İlk duruşmaya kadar Engin Polat ve babası Sezgin Polat tutuklu yargılanıyordu. Ara kararla tutuklu tüm sanıkların tahliyesine karar verilmişti. Dava kapsamında tutuklu sanık kalmamıştı.
Mahkeme malvarlıklarındaki tedbirin devam etmesine karar vermişti. Dilan Polat mahkemede kendisinin şirketlerin sadece reklam yüzü olduğunu söylemişti. Dilan Polat hayatında bir fatura bile kesmediğini ticari faaliyetlerle eşi Engin Polat'ın ilgilendiğini söylemişti. Eşine güvendiğini, iftiraya maruz kaldıklarını iddia etmişti.
Dilan Polat, Engin Polat ve Sıla Doğu malvarlıklarındaki tedbirin kaldırılmasını istedi.
Savcı, tedbirlerin kaldırılması taleplerinin mevcut delil durumu ve suçun mahiyeti gereği bu aşamada reddedilmesini talep etti. Mahkeme sanıkların taleplerini reddetti.
Mahkeme gizli tanık Mertim’in dinlenmesine karar verdi. Sanıkların malvarlıkları üzerindeki tedbir kararı devam edecek.
Mahkemenin bir sonraki duruşması 8 Nisan'da görülecek.
Engin Polat tutuklu iken Dilan Polat sosyal medyadan paylaşımlar yapıyordu.
Sık sık takipçilerinden dua istiyordu.
Dün gece saatlerinde Dilan Polat yine bir paylaşım yaptı. Yine takipçilerinden dua istedi.
Polat dualarına duruşma öncesi de devam etti.

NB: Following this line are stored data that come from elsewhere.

Lemma measurable_cvgn_set (s : (T -> R)^nat) :
  (forall N, measurable_fun setT (s N)) -> measurable [set w | cvgn (s ^~ w)].
Proof.
move=> ms; have -> : [set w | cvgn (s ^~ w)] =
    \bigcap_k \bigcup_N \bigcap_(m in [set m | (N <= m)%N])
      [set w | `|s N w - s m w| < k.+1%:R^-1].
  apply/seteqP; split => w.
    by move=> /cvgn_cauchyP sw k _; have [N sN] := sw k; exists N => // m /sN.
  move=> sw; apply/cvgn_cauchyP => k; have [N _ sN] := sw k I.
  by exists N => m Nm; exact: sN.
apply: bigcapT_measurable => k; apply: bigcupT_measurable => N.
apply: bigcap_measurableType => m _; apply: measurable_lt.
apply: measurableT_comp; first exact: measurable_realfun.normr_measurable.
exact: measurable_realfun.measurable_funB.
Qed.

Variable beta : nat -> T -> R.
Hypothesis mbeta : forall i, measurable_fun setT (beta i).

Lemma measurable_binary_at i : measurable (binary_at beta i).
Proof. by apply: measurableU; exact: measurable_eq. Qed.

Lemma measurable_cylinder ks b : measurable (cylinder beta ks b).
Proof. by apply: bigcap_measurableType => k _; exact: measurable_eq. Qed.

Lemma measurable_partial_sum (c : nat -> R) (js : seq nat) :
  measurable_fun setT (fun w => \sum_(j <- js) c j * beta j w).
Proof. by apply: measurable_sum => j; exact: measurable_realfun.measurable_funM. Qed.

Lemma measurable_win_event c js t : measurable (win_event beta c js t).
Proof.
apply: measurableI; last exact/measurable_ge/measurable_partial_sum.
by apply: bigcap_measurableType => k _; exact: measurable_binary_at.
Qed.

Lemma measurable_S_gamma (c : nat -> R) : measurable_fun setT (S_gamma c beta).
Proof.
pose s N w := series (fun i => c i * beta i w) N.
have ms N : measurable_fun setT (s N) by exact: measurable_partial_sum.
have mC := measurable_cvgn_set ms.
rewrite -(setUv [set w | cvgn (s ^~ w)]).
apply/measurable_funU => //; first exact: measurableC.
split.
  apply: (measurable_realfun.measurable_fun_cvg (h := s)) => // m.
  exact: measurable_funS (ms m).
(* Off the convergence set, [limn] takes the default value [point]. *)
apply: (@eq_measurable_fun _ _ _ _ _ (cst point)); last exact: measurable_cst.
move=> w; rewrite inE => nC /=; apply/esym.
rewrite /S_gamma /lim /lim_in getPN // => l sl; apply: nC.
exact: cvgP sl.
Qed.

End MeasurableSets.

Section MeasureBounds.
Variables (R : realType) (d : measure_display) (T : measurableType d).
Variable mu : {measure set T -> \bar R}.
Local Open Scope ereal_scope.

Lemma le_measure_negligibleU (A B N : set T) : measurable A -> measurable B ->
  mu.-negligible N -> A `<=` B `|` N -> mu A <= mu B.
Proof.
move=> mA mB [M [mM M0 NM]] ABN.
apply: le_trans (_ : mu (B `|` M) <= _).
  rewrite le_measure ?inE //; first exact: measurableU.
  by move=> x /ABN [Bx|/NM Mx]; [left|right].
by apply: le_trans (measureU2 _ mB mM) _; rewrite [X in _ + X](_ : _ = 0) ?adde0.
Qed.

Lemma le_measure_bigcup_nondecreasing (F : (set T)^nat) (b : \bar R) :
  (forall n, measurable (F n)) -> nondecreasing_seq F ->
  (forall n, mu (F n) <= b) -> mu (\bigcup_n F n) <= b.
Proof.
move=> mF ndF Fb; have mU := bigcupT_measurable F mF.
have cvgF := nondecreasing_cvg_mu (mu := mu) mF mU ndF.
rewrite -(cvg_lim _ cvgF) //.
by apply: lime_le; [exact: cvgP cvgF|exact: nearW].
Qed.

End MeasureBounds.

Section Stakes.
Variables (R : realType) (c : nat -> R).
Hypothesis c_stake : stake_seq c.

Lemma stake_seq_series_le1 N : series c N <= 1.
Proof.
have [c_ge0 [_ c_sum]] := c_stake.
rewrite -(cvg_lim _ c_sum) //; apply: nondecreasing_cvgn_le; last exact: cvgP c_sum.
by apply: nondecreasing_series => n _ _; exact: c_ge0.
Qed.

Lemma stake_seq_gt0 : 0 < c 0.
Proof.
have [c_ge0 [c_dec c_sum]] := c_stake.
have c_le0 i : c i <= c 0 by elim: i => // i; exact: le_trans (c_dec i).
rewrite lt_def c_ge0 andbT; apply/eqP => c0_eq0.
have sum0 : series c = fun=> 0.
  apply/funext => n; apply: big1 => i _.
  by apply/eqP; rewrite eq_le c_ge0 andbT -c0_eq0 c_le0.
have : limn (series c) = 1 by exact: cvg_lim.
by rewrite sum0 lim_cst // => /eqP; rewrite eq_sym oner_eq0.
Qed.

Variables (T : Type) (beta : nat -> T -> R) (w : T).
Hypothesis w_binary : forall i, binary_at beta i w.

Let stake_sum := series (fun i => c i * beta i w).

Lemma stake_sum_le_series N : stake_sum N <= series c N.
Proof.
apply: ler_sum => i _.
by have [->|->] := w_binary i; rewrite ?mulr0 ?mulr1 ?c_stake.1.
Qed.

Lemma nondecreasing_stake_sum : nondecreasing_seq stake_sum.
Proof.
apply: nondecreasing_series => i _ _.
by have [->|->] := w_binary i; rewrite ?mulr0 ?mulr1 ?c_stake.1.
Qed.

Dilan Polat elindeki 'zikirmatik' ile dua okumaya araçla giderken de devam etti.
Tanık Emre Çiftçi ifade verirken, Polatların avukatı Sevinç Horoz soru sormak istedi. Mahkeme başkanı izin verdi.
Avukat Sevinç Horoz, “Tanık, bunca zamandır neden konuşmadı? Somut delilleri nedir, mahkemeye sunsun. 2017 yılında bu bilgileri kimden duydu?” diye sordu.

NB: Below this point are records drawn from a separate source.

Definition centric (S : {set gT}) (F : fpred) (P : {set gT}) : Prop :=
  forall f, F P f -> 'C_S(f @: P) = 'Z(f @: P).

Definition completion (V : Type) (S : {set gT}) (Fv : V -> fpred) (FT : fpred) :=
  [/\ fusion_system S FT,
      (forall v P f, Fv v P f -> FT P f) &
      (forall G, fusion_system S G -> (forall v P f, Fv v P f -> G P f) ->
         forall P f, FT P f -> G P f)].

End Fusion.

Section Graph.
Variables (VT ET : finType) (VS : {set VT}) (ES : {set ET}) (ends : ET -> VT * VT).

Fixpoint gwalk (x y : VT) (es : seq ET) : Prop :=
  match es with
  | [::] => x = y
  | e :: es' => e \in ES /\
       exists z, (ends e = (x, z) \/ ends e = (z, x)) /\ gwalk z y es'
  end.

Fixpoint reduced (es : seq ET) : bool :=
  match es with
  | e :: ((e' :: _) as t) => (e != e') && reduced t
  | _ => true
  end.

Definition is_tree : Prop :=
  (forall x y, x \in VS -> y \in VS -> exists es, gwalk x y es) /\
  (forall x es, x \in VS -> gwalk x x es -> reduced es -> es = [::]).

End Graph.

(* Rep_{F_T}(P, F) for a tree of fusion systems satisfying (H), after the    *)
(* identification of all S(v), S(e) with subgroups of S.  The tree is given  *)
(* rooted at v_* = root by a parent function par; the edge e_v (v != root)   *)
(* joins v and par v, and by (H) S(e_v) = S(v).                              *)
Section Rep.
Variables (gT : finGroupType) (V : finType) (root : V) (par : V -> V).
Variables (Sv Se : V -> {set gT}) (Fv Fe : V -> fpred gT) (FT : fpred gT).
Notation mor := {ffun gT -> gT}.

Definition rclass (Fx : fpred gT) (R P : {set gT}) (a : mor) : {set mor} :=
  [set b | hom_into FT P R b &&
           [exists g, [&& Fx (a @: P) g, g @: (a @: P) == b @: P & cmp P a g == b]]].

Definition RepV (P : {set gT}) : {set V * {set mor}} :=
  [set x | [exists a, hom_into FT P (Sv x.1) a &&
                      (x.2 == rclass (Fv x.1) (Sv x.1) P a)]].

Tanık Emre, “Ortağım Derkan Başer söyledi” dedi.
Ahmet Gün’ün avukatı Eşref Çelik de tanığa soru yöneltti:
“Bu bilgileri cezaevinden öğrendiğinizi söylüyorsunuz. Peki, o telefonu cezaevine soktuğunuz için ceza aldınız mı?”
Tanık Emre, “Evet, ceza aldım. Siz devlet tarafındasınız, biz ise suç tarafında. Bu yüzden para bizim için sorun değil,” diye cevap verdi.
DURUŞMADA UYUDU
Savunma yapılırken sanık Gürsel Yılmaz uyuduğu için mahkeme başkanı, “Uykunuz var herhalde,” diyerek sanığı duruşma salonundan çıkardı.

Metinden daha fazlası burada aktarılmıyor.